The beneficial effects of the present invention are embodied in:

1) The present invention adopts a simple one-step solid-phase preparation process, without adding other template agents and surfactants, and the pyrolysis and carbonization reactions are completed in a vacuum tube furnace at one time, without other post-processing, reducing production costs;

2) The thickness of the ultrathin hard carbon nanosheets prepared by this method is between 20 and 50 nm. A three-dimensional interconnected network structure is formed between carbon nanosheets, and the three-dimensional porosity makes it have a large specific surface area, which can be fully contacted with the electrode material, providing more attachment sites for sodium ions, thereby improving the electrode reaction efficiency and making it more efficient. high capacity. The existence of the three-dimensional porous structure is beneficial to the diffusion of the electrolyte and the migration of sodium ions, and promotes the de-intercalation of sodium ions, so that it has good rate performance. The three-dimensional porous structure can reduce the ohmic internal resistance of the electrode material. Therefore, the carbon materials prepared under this condition have good electrochemical performance.

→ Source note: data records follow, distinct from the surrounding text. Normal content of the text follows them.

Theorem quad_rel_of_periodic f : qirr a f -> quad_rel A B C f.
Proof.
move=> hq k; have [M HM] := qirr_eventually a f hq k.
set j := (M + k.+1)%N; set n := (2 + j * p)%N.
have hn : (1 < n)%N by rewrite /n; lia.
have hMn : (M <= n)%N by rewrite /n /j; nia.
have [g tg hg] := HM n hMn.
have D0 := conv_coef0 n hn.
have hD : (conv a n).2 != 0 by apply: contraTneq isT => e; move: D0; rewrite e coef0.
rewrite qrat_conv // in tg.
apply: (quad_rel_coef A B C (conv a n)); first by rewrite D0.
  apply: eq_upto_trans (taylor_trunc _ _ g k hD tg).
  by apply: eq_upto_mul => //; apply: eq_upto_trunc => i hi; rewrite hg.
move=> i hi; rewrite conv_period coefXnM coef0 ifT //.
by apply: leq_trans (leq_pmull _ c_pos); rewrite /j; lia.
Qed.

End PeriodicContinuedFraction.

(* The four cases, with even-length blocks [2,2], [1,2], [4,4], [1,1,1,4]
   (two periods for sqrt 2 and sqrt 5); the scaling of Q by the period map
   is a polynomial identity. *)
Lemma qsqrt2_rel f : qirr cf_sqrt2 f ->
  quad_rel ('X^2) (- ('X^3 - 1)) ('X^2 + 1) f.
Proof.
apply: (quad_rel_of_periodic _ 2 4) => //; first by case.
by case=> N D; rewrite /= !qpolyS qpoly0 /quad_form /=; ring.
Qed.

Lemma qsqrt3_rel f : qirr cf_sqrt3 f ->
  quad_rel ('X^2) (- ('X^3 + 'X^2 - 'X - 1)) ('X^2 + 'X + 1) f.
Proof.
apply: (quad_rel_of_periodic _ 2 3) => //.
- by case=> [|i] //; rewrite /cf_sqrt3 /=; case: (odd _).
- by move=> i; rewrite /cf_sqrt3 add2n /= negbK.
- by case=> N D; rewrite /= !qpolyS qpoly0 /quad_form /=; ring.
Qed.

Lemma qsqrt5_rel f : qirr cf_sqrt5 f ->
  quad_rel ('X^3) (- ('X^5 + 'X^3 - 'X^2 - 1)) ('X^4 + 'X^3 + 'X^2 + 'X + 1) f.
Proof.
apply: (quad_rel_of_periodic _ 2 8) => //; first by case.
by case=> N D; rewrite /= !qpolyS qpoly0 /quad_form /=; ring.
Qed.

Lemma qsqrt7_rel f : qirr cf_sqrt7 f ->
  quad_rel ('X^3) (- ('X^5 + 'X^4 - 'X - 1))
           ('X^4 + 2%:R *: 'X^3 + 'X^2 + 2%:R *: 'X + 1) f.
Proof.
apply: (quad_rel_of_periodic _ 4 7) => //.
- by case=> [|i] //; rewrite /cf_sqrt7 /=; case: (_ == _).
- by case=> N D; rewrite /= !qpolyS qpoly0 /quad_form /= -!mul_polyC; ring.
Qed.

Theorem proposition4p3 (f2 f3 f5 f7 : pser) :
  qirr cf_sqrt2 f2 -> qirr cf_sqrt3 f3 -> qirr cf_sqrt5 f5 -> qirr cf_sqrt7 f7 ->
  [/\ quad_rel ('X^2) (- ('X^3 - 1)) ('X^2 + 1) f2,
      quad_rel ('X^2) (- ('X^3 + 'X^2 - 'X - 1)) ('X^2 + 'X + 1) f3,
      quad_rel ('X^3) (- ('X^5 + 'X^3 - 'X^2 - 1))
               ('X^4 + 'X^3 + 'X^2 + 'X + 1) f5
    & quad_rel ('X^3) (- ('X^5 + 'X^4 - 'X - 1))
               ('X^4 + 2%:R *: 'X^3 + 'X^2 + 2%:R *: 'X + 1) f7].
Proof.
move=> h2 h3 h5 h7; split.
- exact: qsqrt2_rel.
- exact: qsqrt3_rel.
- exact: qsqrt5_rel.
- exact: qsqrt7_rel.
Qed.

3) The raw materials used in the present invention are glucose and potassium hydroxide with stable chemical components, and the technical process of the method is simple, the technical process of the method is simple, the reaction temperature is low, the time is short, no subsequent treatment is required, and it is environmentally friendly and easy to use. Factory production.

Description of drawings

Fig. 1 is the XRD pattern of the ultrathin carbon nanosheet negative electrode material for sodium ion battery prepared in Example 1 of the present invention;

2 is a SEM image of the ultrathin carbon nanosheet negative electrode material for sodium ion batteries prepared in Example 2 of the present invention;

3 is a SEM image of the ultra-thin carbon nanosheet negative electrode material for sodium ion batteries prepared in Example 3 of the present invention;

4 is a Raman diagram of the ultrathin carbon nanosheet negative electrode material for sodium ion batteries prepared in Example 1 of the present invention;

5 is a TEM image of the ultrathin carbon nanosheet negative electrode material for sodium ion batteries prepared in Example 1 of the present invention.

Detailed ways

The present invention will be described in further detail below in conjunction with the accompanying drawings and embodiments, but the present invention is not limited to the following embodiments.

Example 1:

1) Mix water: anhydrous ethanol in a volume ratio of 1:1 to obtain an ethanol-water mixed solvent, then take 1 g of glucose and 0.3 g of potassium hydroxide and grind them for 30 minutes and dissolve in two 10 ml of ethanol-water mixed solvent respectively. , stir to make glucose solution and potassium hydroxide solution;

2) Mix the glucose solution and the potassium hydroxide solution with magnetic stirring for 0.5h to obtain the precursor B;

3) Put the precursor B into an oven, and pre-treat it at 80° C. for 180 min to obtain a tan product C;

4) Transfer the product C into an aluminum oxide crucible, then put it into a vacuum tube furnace, and heat it up from room temperature to 600 °C at a heating rate of 2 °C/min under an argon flow rate of 0.1 sccm/min for 3 h. , and then the temperature was lowered to 300°C at a cooling rate of 10°C/min, and then cooled to room temperature naturally to obtain hard carbon nanosheets;

5) The hard carbon nanosheets are respectively washed with deionized water and absolute ethanol by suction filtration until neutral, and dried at 80° C. for 12 hours to obtain an ultrathin carbon nanosheet negative electrode material for sodium ion batteries with a sheet thickness of 20-50 nm.

It can be seen from Fig. 1 that the X-ray diffraction (XRD) patterns of the prepared ultrathin carbon nanosheet anode materials show two weak broad diffraction peaks (002) and (100) at 23° and 44°, respectively, indicating that their Amorphous nature.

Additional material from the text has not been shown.